Esa noche, mucho más tarde, cuando por fin la casa se quedó en silencio y las luces se apagaron, Kon entró en su habitación, donde Meg lo esperaba impaciente.

– La última vez que eché un vistazo, mi madre le estaba leyendo a Anna El cascanueces. Anna ya ha aprendido algunas palabras en ruso.

– Es natural, cariño -murmuró Meg. Se acercó a él cuando Kon se quitó el albornoz y se deslizó bajo las sábanas-. La señorita Beezley me dijo que era una niña muy inteligente para su edad. La señora Rosen dijo lo mismo de su talento para el violín. Esas cualidades las ha heredado de su padre.

– Y de su madre. De ti ha heredado su dulzura -musitó él, antes de besarla-. Cuando las dejé, se estaban comunicando con increíble facilidad.

Meg apenas podía reprimir sus emociones.

– Ese libro ha sido como un lazo mágico entre todos nosotros, amor mío.

Kon le apartó el pelo de la frente y la miró fijamente.

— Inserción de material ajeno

(* Let $\theta\in\pi(\mathbb{Q}\setminus\mathbb{Z})$, $\mu\in\mathbb{C}\setminus\{0,1\}$ and $a,b\in\mathbb{C}^n$ with $a\neq b$, and let $G$ be the group generated by $f=(a,e^{i\theta})$ and $g=(b,\mu)$. Then $G(a)$ is closed and discrete in $\mathbb{C}^n$ if and only if $G\subset\mathcal{S}_2\mathcal{R}_n$ or $G\subset\mathcal{S}_3\mathcal{R}_n$.
   Context: For $c\in\mathbb{C}^n$ and $\nu\in\mathbb{C}\setminus\{0,1\}$, $(c,\nu)$ denotes the map $z\mapsto\nu(z-c)+c$ of $\mathbb{C}^n$. $H_2=(\frac{\pi}{2}+\pi\mathbb{Z})\cup\pi\mathbb{Z}$, $F_2=\{e^{ix}:x\in H_2\}$, $H_3=(\frac{\pi}{3}+\pi\mathbb{Z})\cup(-\frac{\pi}{3}+\pi\mathbb{Z})\cup\pi\mathbb{Z}$, $F_3=\{e^{ix}:x\in H_3\}$; for $i\in\{2,3\}$, $\mathcal{S}_i\mathcal{R}_n=\{z\mapsto\lambda z+v:\lambda\in F_i,\ v\in\mathbb{C}^n\}$. $G(a)=\{h(a):h\in G\}$. *)

From Stdlib Require Import Reals Lra ZArith.
Open Scope R_scope.

Definition Cx : Type := (R * R)%type.
Definition Czero : Cx := (0, 0).
Definition Cone : Cx := (1, 0).
Definition Cadd (z w : Cx) : Cx := (fst z + fst w, snd z + snd w).
Definition Copp (z : Cx) : Cx := (- fst z, - snd z).
Definition Csub (z w : Cx) : Cx := Cadd z (Copp w).
Definition Cmul (z w : Cx) : Cx :=
  (fst z * fst w - snd z * snd w, fst z * snd w + snd z * fst w).
Definition Cnorm2 (z : Cx) : R := fst z * fst z + snd z * snd z.
Definition Cinv (z : Cx) : Cx := (fst z / Cnorm2 z, - snd z / Cnorm2 z).
Definition Cexpi (x : R) : Cx := (cos x, sin x).

(* ---------- Cx^n : vectors are nat -> Cx, only coordinates i < n matter ---------- *)
Definition vec : Type := nat -> Cx.
Definition veq (n : nat) (z w : vec) : Prop := forall i, (i < n)%nat -> z i = w i.

Fixpoint sumR (n : nat) (f : nat -> R) : R :=
  match n with O => 0 | S m => sumR m f + f m end.

Definition vdist (n : nat) (z w : vec) : R :=
  sqrt (sumR n (fun i => Cnorm2 (Csub (z i) (w i)))).

(* Subsets of Cx^n are predicates on vec, compatible with veq. *)
Definition closed_in (n : nat) (S : vec -> Prop) : Prop :=
  forall z : vec,
    (forall eps, 0 < eps -> exists w, S w /\ vdist n z w < eps) -> S z.
Definition discrete_in (n : nat) (S : vec -> Prop) : Prop :=
  forall z : vec, S z ->
    exists eps, 0 < eps /\ forall w, S w -> vdist n z w < eps -> veq n w z.

Definition cmap (c : vec) (nu : Cx) : vec -> vec :=
  fun z i => Cadd (Cmul nu (Csub (z i) (c i))) (c i).

Inductive in_group2 (a : vec) (la : Cx) (b : vec) (mu : Cx) : (vec -> vec) -> Prop :=
| ig_id : in_group2 a la b mu (fun z => z)
| ig_f  : forall h, in_group2 a la b mu h ->
            in_group2 a la b mu (fun z => cmap a la (h z))
| ig_fi : forall h, in_group2 a la b mu h ->
            in_group2 a la b mu (fun z => cmap a (Cinv la) (h z))
| ig_g  : forall h, in_group2 a la b mu h ->
            in_group2 a la b mu (fun z => cmap b mu (h z))
| ig_gi : forall h, in_group2 a la b mu h ->
            in_group2 a la b mu (fun z => cmap b (Cinv mu) (h z)).

Definition orbit (n : nat) (G : (vec -> vec) -> Prop) (p : vec) : vec -> Prop :=
  fun z => exists h, G h /\ veq n z (h p).

Definition H2 (x : R) : Prop :=
  exists k : Z, x = PI / 2 + IZR k * PI \/ x = IZR k * PI.
Definition H3 (x : R) : Prop :=
  exists k : Z, x = PI / 3 + IZR k * PI \/ x = - (PI / 3) + IZR k * PI
                \/ x = IZR k * PI.
Definition F2 (l : Cx) : Prop := exists x, H2 x /\ l = Cexpi x.
Definition F3 (l : Cx) : Prop := exists x, H3 x /\ l = Cexpi x.

Definition in_SR (F : Cx -> Prop) (n : nat) (h : vec -> vec) : Prop :=
  exists (l : Cx) (v : vec), F l /\
    forall z, veq n (h z) (fun i => Cadd (Cmul l (z i)) (v i)).

Definition in_piQnotZ (theta : R) : Prop :=
  exists p q : Z, q <> 0%Z /\ ~ (Z.divide q p) /\ theta = PI * IZR p / IZR q.

From Stdlib Require Import Reals ZArith Lra Lia Nsatz Classical.
Open Scope R_scope.

(* Writing points of the complex line through [a] and [b] as [a + v (b - a)], the maps
   [f] and [g] act as [v |-> la v] and [v |-> mu (v - 1) + 1], so the orbit of [a] is the
   set of translation parts of the affine group of C generated by these two maps.

   If [la] and [mu] are 4th (resp. 6th) roots of unity, those translation parts are Gaussian
   (resp. Eisenstein) integers, a 1-separated set, so the orbit is closed and discrete.

   Conversely, if [|mu| <> 1] the orbit accumulates at [b], so closedness and discreteness
   force [|mu| = 1].  The translations of the group then form a discrete additive subgroup
   of C, containing the commutator translation [(1 - mu) (la - 1) <> 0] and stable under
   multiplication by [la^{+-1}] and [mu^{+-1}].  A real scalar preserving such a subgroup is
   an integer, so [2 Re] of [la], [mu], [la mu] and [la conj(mu)] are integers; together
   with [la <> 1] this leaves only 4th or 6th roots of unity. *)

Ltac unfold_C := unfold Csub, Cadd, Copp, Cmul, Czero, Cone, Cnorm2 in *; simpl in *.

Definition Cconj (z : Cx) : Cx := (fst z, - snd z).
Definition Cscale (c : R) (z : Cx) : Cx := (c * fst z, c * snd z).

Lemma Cnorm2_mul z w : Cnorm2 (Cmul z w) = Cnorm2 z * Cnorm2 w.
Proof. destruct z, w; unfold_C; ring. Qed.

Lemma Cnorm2_nonneg z : 0 <= Cnorm2 z.
Proof. destruct z; unfold_C; nra. Qed.

Lemma Cnorm2_eq0 z : Cnorm2 z = 0 -> z = Czero.
Proof.
  destruct z as [x y]; unfold_C; intro H.
  assert (x = 0) by nra; assert (y = 0) by nra; subst; reflexivity.
Qed.

Lemma Cnorm2_pos z : z <> Czero -> 0 < Cnorm2 z.
Proof.
  intro Hz; destruct (Cnorm2_nonneg z) as [|H]; [assumption|].
  exfalso; apply Hz, Cnorm2_eq0; auto.
Qed.

Lemma Csub_eq0 z w : Csub z w = Czero -> z = w.
Proof. destruct z, w; unfold_C; intro H; injection H; intros; f_equal; lra. Qed.

Lemma Cnorm2_Cinv z : z <> Czero -> Cnorm2 (Cinv z) = / Cnorm2 z.
Proof.
  intro Hz; pose proof (Cnorm2_pos z Hz).
  destruct z as [x y]; unfold Cinv, Cnorm2 in *; simpl in *; field; lra.
Qed.

Lemma Cmul_Cinv z : z <> Czero -> Cmul z (Cinv z) = Cone.
Proof.
  intro Hz; pose proof (Cnorm2_pos z Hz).
  destruct z as [x y]; unfold Cinv, Cnorm2, Cmul, Cone in *; simpl in *; f_equal; field; lra.
Qed.

Lemma Cinv_unit z : Cnorm2 z = 1 -> Cinv z = Cconj z.
Proof. intro H; unfold Cinv, Cconj; rewrite H; f_equal; field. Qed.

Lemma Cnorm2_Cexpi x : Cnorm2 (Cexpi x) = 1.
Proof. unfold Cexpi, Cnorm2; simpl; rewrite <- (sin2_cos2 x); unfold Rsqr; ring. Qed.

Lemma Cexpi_add x y : Cmul (Cexpi x) (Cexpi y) = Cexpi (x + y).
Proof. unfold Cexpi, Cmul; simpl; rewrite cos_plus, sin_plus; f_equal; ring. Qed.

Lemma Cinv_Cexpi x : Cinv (Cexpi x) = Cexpi (- x).
Proof.
  rewrite Cinv_unit by apply Cnorm2_Cexpi.
  unfold Cexpi, Cconj; simpl; rewrite cos_neg, sin_neg; reflexivity.
Qed.

Lemma sqrt_lt_of_lt_sqr x e : 0 <= x -> 0 < e -> x < e * e -> sqrt x < e.
Proof. intros. rewrite <- (sqrt_square e) by lra. apply sqrt_lt_1_alt; lra. Qed.

Lemma sumR_ext n f g : (forall i, (i < n)%nat -> f i = g i) -> sumR n f = sumR n g.
Proof. induction n; simpl; intros H; auto. rewrite IHn, H; auto; intros; apply H; lia. Qed.

Lemma sumR_scal n c f : sumR n (fun i => c * f i) = c * sumR n f.
Proof. induction n; simpl; [ring | rewrite IHn; ring]. Qed.

Lemma sumR_nonneg n f : (forall i, 0 <= f i) -> 0 <= sumR n f.
Proof. induction n; simpl; intros H; [lra|]. specialize (IHn H); specialize (H n); lra. Qed.

Lemma sumR_term_le n f i : (forall i, 0 <= f i) -> (i < n)%nat -> f i <= sumR n f.
Proof.
  induction n; simpl; intros H Hi; [lia|].
  destruct (Nat.eq_dec i n) as [->|].
  - pose proof (sumR_nonneg n f H); lra.
  - pose proof (IHn H ltac:(lia)); specialize (H n); lra.
Qed.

– Eso es porque El cascanueces es mágico. Cuando mi madre empezó a contarme historias del pasado, de pronto recordé muchas cosas. Uno de mis recuerdos más intensos era verla leerme El cascanueces cuando yo era niño. Por eso me impactó tanto ese libro, y por eso quise dártelo cuando te marchaste de Rusia. Para mí, ese libro simbolizaba la esperanza y el amor, Meggie. Nuestro amor. Ahora todo tiene sentido -se le quebró la voz y volvió a besarla, estrechándola contra sí-. Te deseo, Meggie. Te quiero tanto que me asusta.

– Yo temía haberte perdido otra vez.

– No quiero mentirte, Meggie. Cuando me marché en Navidad, había perdido la esperanza de que pudiéramos estar juntos. Pero tenía que intentarlo otra vez.